▶ [WORK INSTRUCTION]: Repeat exactly the lines below that lie between the line with "by case: c'_near" and the line with "apply/eqP; apply: contraT => ij.", counting both of those lines as part of the answer.

'''

(* A property holding only for roots of a nonzero polynomial cannot contain
   elements of norm > b if each such element is beaten in norm by another:
   otherwise one would get infinitely many distinct roots. *)
Lemma roots_norm_bounded (R : realDomainType) (p : {poly R}) (P : R -> Prop) (b : R) :
  p != 0 -> (forall x, P x -> root p x) ->
  (forall x, P x -> b < `|x| -> exists2 y, P y & `|x| < `|y|) ->
  forall x, P x -> `|x| <= b.
Proof.
move=> p0 Proot escape x Px; rewrite leNgt; apply/negP => bx.
have chain m : exists2 y, P y /\ b < `|y| & exists2 rs : seq R, size rs = m &
    [&& uniq rs, all (root p) rs & all (fun r => `|r| < `|y|) rs].
  elim: m => [|m [y [Py yb] [rs size_rs /and3P[urs rrs ltrs]]]]; first by exists x; last exists [::].
  have [z Pz yz] := escape y Py yb.
  exists z; first by split; last exact: lt_trans yz.
  exists (y :: rs); first by rewrite /= size_rs.
  rewrite /= urs (Proot y Py) rrs yz /= andbT; apply/andP; split.
    by apply/negP => /(allP ltrs); rewrite ltxx.
  by apply/allP => r /(allP ltrs) /lt_trans; apply.
have [y _ [rs size_rs /and3P[urs rrs _]]] := chain (size p).
by have := max_poly_roots p0 rrs urs; rewrite size_rs ltnn.
Qed.

Section WeightBound.
Variables (R : rcfType) (n : nat) (G : 'M[R]_(n * n)).
Variables (wedge : 'cV[R]_n -> 'cV[R]_n -> 'rV[R]_n) (mu : 'M[R]_2 -> 'M[R]_n).
Hypotheses (wedge_bil : wedge_bilinear wedge) (wedge_equiv : wedge_equivariant G wedge).
Hypotheses (wedge_nv : wedge_nonvanishing2 wedge) (mu_morph : sl2_morphism G mu).

Let H := mu (sl2h R).

Lemma wedge_equiv_h a b : - (wedge a b *m H) = wedge (H *m a) b + wedge a (H *m b).
Proof.
case: mu_morph => mu_in _ _ _; have [th _ _] := @sl2_basis_traceless R.
by apply: wedge_equiv; apply: mu_in.
Qed.

(* A weight of norm > 4 is beaten in norm by another weight: combine the
   neighbouring weight c +- 2 with c through the wedge. *)
Lemma weight_escape c : weight H c -> 4 < `|c| -> exists2 c', weight H c' & `|c| < `|c'|.
Proof.
case=> v v0 Hv c4; have c0 : c != 0 by apply: contraTneq c4 => ->; rewrite normr0 ltNge ler0n.
have [c' c'_near [u u0 Hu]] := weight_shift (sl2_morphism_triple mu_morph) v0 Hv c0.
have [d [d2 c'E]] : exists d : R, `|d| = 2 /\ c' = c + d.
  by case: c'_near => ->; [exists 2 | exists (-2)]; rewrite ?normrN normr_nat.
have cc' : c != c'.
  by rewrite c'E -subr_eq0 opprD addrA subrr sub0r oppr_eq0 -normr_eq0 d2 pnatr_eq0.
have rk := independent_pair v0 u0 (eigen_disjoint Hv Hu cc').
have [x xc [y yc wxy]] := plane_weight wedge_bil wedge_equiv_h wedge_nv rk Hv Hu.
have near z : z \in [:: c; c'] -> `|z - c| <= 2.
  by rewrite !inE => /orP[] /eqP ->; rewrite ?subrr ?normr0 ?ler0n // c'E addrAC subrr add0r d2.
by exists (- (x + y)); rewrite // normrN norm_sum_escapes ?near.
Qed.

Lemma weight_bound c : weight H c -> `|c| <= 4.
Proof.
apply: (roots_norm_bounded (p := char_poly H^T)) => [||c'].
- by rewrite -size_poly_eq0 size_char_poly.
- exact: weight_root.
- exact: weight_escape.
Qed.

End WeightBound.

Theorem lemma5p3 (R : rcfType) (n : nat) (G : 'M[R]_(n * n))
  (wedge : 'cV[R]_n -> 'cV[R]_n -> 'rV[R]_n) (mu : 'M[R]_2 -> 'M[R]_n) :
  lie_subalgebra G -> semisimple G ->
  wedge_bilinear wedge -> wedge_symmetric wedge ->
  wedge_equivariant G wedge -> wedge_nonvanishing2 wedge ->
  sl2_morphism G mu ->
  forall (k : nat) (U : 'I_k -> 'M[R]_n), sl2_decomposition mu U ->
    (forall i lam, highest_weight mu (U i) lam -> lam <= 4) /\
    (forall i j, highest_weight mu (U i) 4 -> highest_weight mu (U j) 4 -> i = j).
Proof.
move=> _ _ bil _ equiv nv morph k U [_ Udir _].
have bound c := weight_bound bil equiv nv morph (c := c).
split=> [i lam [[v [v0 _ Hv]] _] | i j [[a [a0 aU Ha]] _] [[b [b0 bU Hb]] _]].
  by apply: le_trans (ler_norm lam) (bound _ _); exists v.
(* Highest weight vectors of weight 4 in distinct summands are independent,
   so -8 would be a weight, contradicting the bound. *)
apply/eqP; apply: contraT => ij.
have rk := independent_pair a0 b0 (summands_disjoint Udir ij aU bU).
have [x x4 [y y4 wxy]] := plane_weight bil (wedge_equiv_h equiv morph) nv rk Ha Hb.
move: x4 y4 (bound _ wxy); rewrite !inE !orbb => /eqP -> /eqP ->.
by rewrite normrN -natrD normr_nat ler_nat.
Qed.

'''

▶ [RESPONSE TO THIS TASK]:
  by case: c'_near => ->; [exists 2 | exists (-2)]; rewrite ?normrN normr_nat.
have cc' : c != c'.
  by rewrite c'E -subr_eq0 opprD addrA subrr sub0r oppr_eq0 -normr_eq0 d2 pnatr_eq0.
have rk := independent_pair v0 u0 (eigen_disjoint Hv Hu cc').
have [x xc [y yc wxy]] := plane_weight wedge_bil wedge_equiv_h wedge_nv rk Hv Hu.
have near z : z \in [:: c; c'] -> `|z - c| <= 2.
  by rewrite !inE => /orP[] /eqP ->; rewrite ?subrr ?normr0 ?ler0n // c'E addrAC subrr add0r d2.
by exists (- (x + y)); rewrite // normrN norm_sum_escapes ?near.
Qed.

Lemma weight_bound c : weight H c -> `|c| <= 4.
Proof.
apply: (roots_norm_bounded (p := char_poly H^T)) => [||c'].
- by rewrite -size_poly_eq0 size_char_poly.
- exact: weight_root.
- exact: weight_escape.
Qed.

End WeightBound.

Theorem lemma5p3 (R : rcfType) (n : nat) (G : 'M[R]_(n * n))
  (wedge : 'cV[R]_n -> 'cV[R]_n -> 'rV[R]_n) (mu : 'M[R]_2 -> 'M[R]_n) :
  lie_subalgebra G -> semisimple G ->
  wedge_bilinear wedge -> wedge_symmetric wedge ->
  wedge_equivariant G wedge -> wedge_nonvanishing2 wedge ->
  sl2_morphism G mu ->
  forall (k : nat) (U : 'I_k -> 'M[R]_n), sl2_decomposition mu U ->
    (forall i lam, highest_weight mu (U i) lam -> lam <= 4) /\
    (forall i j, highest_weight mu (U i) 4 -> highest_weight mu (U j) 4 -> i = j).
Proof.
move=> _ _ bil _ equiv nv morph k U [_ Udir _].
have bound c := weight_bound bil equiv nv morph (c := c).
split=> [i lam [[v [v0 _ Hv]] _] | i j [[a [a0 aU Ha]] _] [[b [b0 bU Hb]] _]].
  by apply: le_trans (ler_norm lam) (bound _ _); exists v.
(* Highest weight vectors of weight 4 in distinct summands are independent,
   so -8 would be a weight, contradicting the bound. *)
apply/eqP; apply: contraT => ij.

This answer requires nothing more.